| Problem description |
Everything from the first line of the material below through the line containing "every [x^m], [m" must be retyped exactly, and nothing past it.

——————

(* For every integer $n\ge1$ and every $\eta>0$, $$\sup_{0\ne f\in\mathcal{T}_n(\eta)}\frac{|f'(0)|}{\|f\|_{L_2[0,1]}} \ge (1+\varepsilon_n)\,3^{-1/2}\,n^3,$$ where $1+\varepsilon_n := 3^{1/2}n^{-3}\left(\sum_{k=0}^{n-1}k^2(k+1)^2(2k+1)\right)^{1/2}$ (so $\varepsilon_n\to0$ as $n\to\infty$).
   Context: For $\eta>0$, $\mathcal{T}_n(\eta)$ denotes the set of all functions $f(t)=\sum_{j=1}^na_je^{i\lambda_jt}$ with $a_j\in\mathbb{C}$ and real $0<\lambda_1<\lambda_2<\cdots<\lambda_n<\eta$. $\|f\|_{L_2[0,1]}=(\int_0^1|f|^2)^{1/2}$. *)

From Stdlib Require Import Reals.
Open Scope R_scope.

Fixpoint rsum (n : nat) (g : nat -> R) : R :=
  match n with
  | O => 0
  | S k => rsum k g + g k
  end.

(* Frequencies lam 0 < ... < lam (n-1), with 0 < lam 0 and lam (n-1) < eta
   (paper's lambda_1 .. lambda_n, re-indexed from 0). *)
Definition freqs_ok (n : nat) (eta : R) (lam : nat -> R) : Prop :=
  (forall j, (j < n)%nat -> 0 < lam j /\ lam j < eta) /\
  (forall j, (S j < n)%nat -> lam j < lam (S j)).

(* f(t) = sum_j (a j + i b j) e^{i lam_j t}:
   real part and imaginary part. *)
Definition fRe (n : nat) (a b lam : nat -> R) (t : R) : R :=
  rsum n (fun j => a j * cos (lam j * t) - b j * sin (lam j * t)).
Definition fIm (n : nat) (a b lam : nat -> R) (t : R) : R :=
  rsum n (fun j => a j * sin (lam j * t) + b j * cos (lam j * t)).

Definition fAbs2 (n : nat) (a b lam : nat -> R) (t : R) : R :=
  fRe n a b lam t ^ 2 + fIm n a b lam t ^ 2.

Definition eps_n (n : nat) : R :=
  sqrt 3 * / (INR n ^ 3) *
  sqrt (rsum n (fun k => INR k ^ 2 * (INR k + 1) ^ 2 * (2 * INR k + 1))) - 1.

From Stdlib Require Import Reals Lra Lia Classical.
From Coquelicot Require Import Coquelicot.
Open Scope R_scope.

(* Let [p] be the polynomial of degree [< n] that is orthogonal in [L2[0,1]] to
   every [x^m], [m < n], except [m = 1].  Its coefficients are explicit, and its
   moments are alternating binomial sums of polynomials of degree [n], which
   vanish; this gives [int p^2 = p'(0) * int x p] and [p'(0)^2 / int p^2 =
   eps_sum n], the square of the claimed bound.  For small [d > 0] the exponential
   sum [f(t) = e^(i d t) p((e^(i d t) - 1) / (i d))] has frequencies
   [d, 2d, ..., nd], satisfies [|f(t)| = |p(t)| + O(d)] on [[0,1]] because
   [(e^(i d t) - 1) / (i d) = t + O(d)], and [Re f'(0) = p'(0)]; letting [d -> 0]
   brings [|f'(0)| / ||f||] as close to the bound as we like.  For [n = 1] the
   bound is [0]. *)

Lemma rsum_ext (k : nat) (g h : nat -> R) :
  (forall j, (j < k)%nat -> g j = h j) -> rsum k g = rsum k h.
Proof.
  revert g h; induction k as [|k IH]; intros g h E; simpl; auto.
  rewrite (IH g h) by (intros; apply E; lia); rewrite E by lia; reflexivity.
Qed.

Lemma rsum_add (k : nat) (g h : nat -> R) :
  rsum k (fun j => g j + h j) = rsum k g + rsum k h.
Proof. induction k as [|k IH]; simpl; [lra | rewrite IH; lra]. Qed.

Lemma rsum_scal (k : nat) (c : R) (g : nat -> R) :
  rsum k (fun j => c * g j) = c * rsum k g.
Proof. induction k as [|k IH]; simpl; [lra | rewrite IH; lra]. Qed.

Lemma rsum_Sl (k : nat) (g : nat -> R) :
  rsum (S k) g = g O + rsum k (fun j => g (S j)).
Proof. revert g; induction k as [|k IH]; intros g; simpl in *; [lra | rewrite IH; lra]. Qed.

Lemma rsum_eq0 (k : nat) (g : nat -> R) :
  (forall j, (j < k)%nat -> g j = 0) -> rsum k g = 0.
Proof.
  induction k as [|k IH]; intros E; simpl; [lra|].
  rewrite IH by (intros; apply E; lia); rewrite E by lia; lra.
Qed.

Lemma rsum_single (k i : nat) (g : nat -> R) : (i < k)%nat ->
  (forall j, (j < k)%nat -> j <> i -> g j = 0) -> rsum k g = g i.
Proof.
  induction k as [|k IH]; intros Hi E; [lia|]; simpl.
  destruct (Nat.eq_dec i k) as [->|Hik].
  - rewrite rsum_eq0 by (intros; apply E; lia); lra.
  - rewrite IH, (E k); try lra; try lia; intros; apply E; lia.
Qed.

Fixpoint rprod (k : nat) (g : nat -> R) : R :=
  match k with O => 1 | S k' => rprod k' g * g k' end.

Lemma rprod_ext (k : nat) (g h : nat -> R) :
  (forall j, (j < k)%nat -> g j = h j) -> rprod k g = rprod k h.
Proof.
  revert g h; induction k as [|k IH]; intros g h E; simpl; auto.
  rewrite (IH g h) by (intros; apply E; lia); rewrite E by lia; reflexivity.
Qed.

Lemma rprod_Sl (k : nat) (g : nat -> R) :
  rprod (S k) g = g O * rprod k (fun j => g (S j)).
Proof. revert g; induction k as [|k IH]; intros g; simpl in *; [lra | rewrite IH; lra]. Qed.

Lemma rprod_add (k l : nat) (g : nat -> R) :
  rprod (k + l) g = rprod k g * rprod l (fun j => g (k + j)%nat).
Proof.
  induction l as [|l IH]; simpl; [rewrite Nat.add_0_r; lra|].
  rewrite Nat.add_succ_r; simpl; rewrite IH; lra.
Qed.

Lemma rprod_pos (k : nat) (g : nat -> R) :
  (forall j, (j < k)%nat -> 0 < g j) -> 0 < rprod k g.
Proof.
  induction k as [|k IH]; intros H; simpl; [lra|].
  apply Rmult_lt_0_compat; [apply IH; intros; apply H | apply H]; lia.
Qed.

(** * Finite differences and alternating binomial sums *)

(* [deg_lt k Q]: the k-th finite difference of Q vanishes, i.e. Q agrees on
   nat with a polynomial of degree < k. *)
Definition fdiff (Q : nat -> R) (i : nat) : R := Q (S i) - Q i.

Fixpoint deg_lt (k : nat) (Q : nat -> R) : Prop :=
  match k with O => forall i, Q i = 0 | S k' => deg_lt k' (fdiff Q) end.

Lemma deg_lt_ext (k : nat) (Q Q' : nat -> R) :
  (forall i, Q i = Q' i) -> deg_lt k Q -> deg_lt k Q'.
Proof.
  revert Q Q'; induction k as [|k IH]; simpl; intros Q Q' E H.
  - intros i; rewrite <- E; auto.
  - apply (IH (fdiff Q)); auto; intros i; unfold fdiff; rewrite !E; auto.
Qed.

Lemma deg_lt_add (k : nat) (P Q : nat -> R) :
  deg_lt k P -> deg_lt k Q -> deg_lt k (fun i => P i + Q i).
Proof.
  revert P Q; induction k as [|k IH]; simpl; intros P Q HP HQ.
  - intros i; rewrite HP, HQ; lra.
  - apply (deg_lt_ext _ (fun i => fdiff P i + fdiff Q i)); [intros; unfold fdiff; lra|].
    apply IH; auto.
Qed.

Lemma deg_lt_shift (k : nat) (Q : nat -> R) : deg_lt k Q -> deg_lt k (fun i => Q (S i)).
Proof. revert Q; induction k as [|k IH]; simpl; intros Q H; auto; exact (IH (fdiff Q) H). Qed.

Lemma deg_lt_mul_linear (k : nat) (a : R) (Q : nat -> R) :
  deg_lt k Q -> deg_lt (S k) (fun i => (INR i + a) * Q i).
Proof.
  revert Q; induction k as [|k IH]; intros Q H.
  - simpl in *; intros i; unfold fdiff; rewrite !H; lra.
  - change (deg_lt (S k) (fdiff (fun i => (INR i + a) * Q i))).
    apply (deg_lt_ext _ (fun i => (INR i + a) * fdiff Q i + Q (S i))).
    + intros i; unfold fdiff; rewrite S_INR; lra.
    + apply deg_lt_add; [apply IH; exact H | apply deg_lt_shift; exact H].
Qed.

——————

| Final answer |
(* For every integer $n\ge1$ and every $\eta>0$, $$\sup_{0\ne f\in\mathcal{T}_n(\eta)}\frac{|f'(0)|}{\|f\|_{L_2[0,1]}} \ge (1+\varepsilon_n)\,3^{-1/2}\,n^3,$$ where $1+\varepsilon_n := 3^{1/2}n^{-3}\left(\sum_{k=0}^{n-1}k^2(k+1)^2(2k+1)\right)^{1/2}$ (so $\varepsilon_n\to0$ as $n\to\infty$).
   Context: For $\eta>0$, $\mathcal{T}_n(\eta)$ denotes the set of all functions $f(t)=\sum_{j=1}^na_je^{i\lambda_jt}$ with $a_j\in\mathbb{C}$ and real $0<\lambda_1<\lambda_2<\cdots<\lambda_n<\eta$. $\|f\|_{L_2[0,1]}=(\int_0^1|f|^2)^{1/2}$. *)

From Stdlib Require Import Reals.
Open Scope R_scope.

Fixpoint rsum (n : nat) (g : nat -> R) : R :=
  match n with
  | O => 0
  | S k => rsum k g + g k
  end.

(* Frequencies lam 0 < ... < lam (n-1), with 0 < lam 0 and lam (n-1) < eta
   (paper's lambda_1 .. lambda_n, re-indexed from 0). *)
Definition freqs_ok (n : nat) (eta : R) (lam : nat -> R) : Prop :=
  (forall j, (j < n)%nat -> 0 < lam j /\ lam j < eta) /\
  (forall j, (S j < n)%nat -> lam j < lam (S j)).

(* f(t) = sum_j (a j + i b j) e^{i lam_j t}:
   real part and imaginary part. *)
Definition fRe (n : nat) (a b lam : nat -> R) (t : R) : R :=
  rsum n (fun j => a j * cos (lam j * t) - b j * sin (lam j * t)).
Definition fIm (n : nat) (a b lam : nat -> R) (t : R) : R :=
  rsum n (fun j => a j * sin (lam j * t) + b j * cos (lam j * t)).

Definition fAbs2 (n : nat) (a b lam : nat -> R) (t : R) : R :=
  fRe n a b lam t ^ 2 + fIm n a b lam t ^ 2.

Definition eps_n (n : nat) : R :=
  sqrt 3 * / (INR n ^ 3) *
  sqrt (rsum n (fun k => INR k ^ 2 * (INR k + 1) ^ 2 * (2 * INR k + 1))) - 1.

From Stdlib Require Import Reals Lra Lia Classical.
From Coquelicot Require Import Coquelicot.
Open Scope R_scope.

(* Let [p] be the polynomial of degree [< n] that is orthogonal in [L2[0,1]] to
   every [x^m], [m < n], except [m = 1].  Its coefficients are explicit, and its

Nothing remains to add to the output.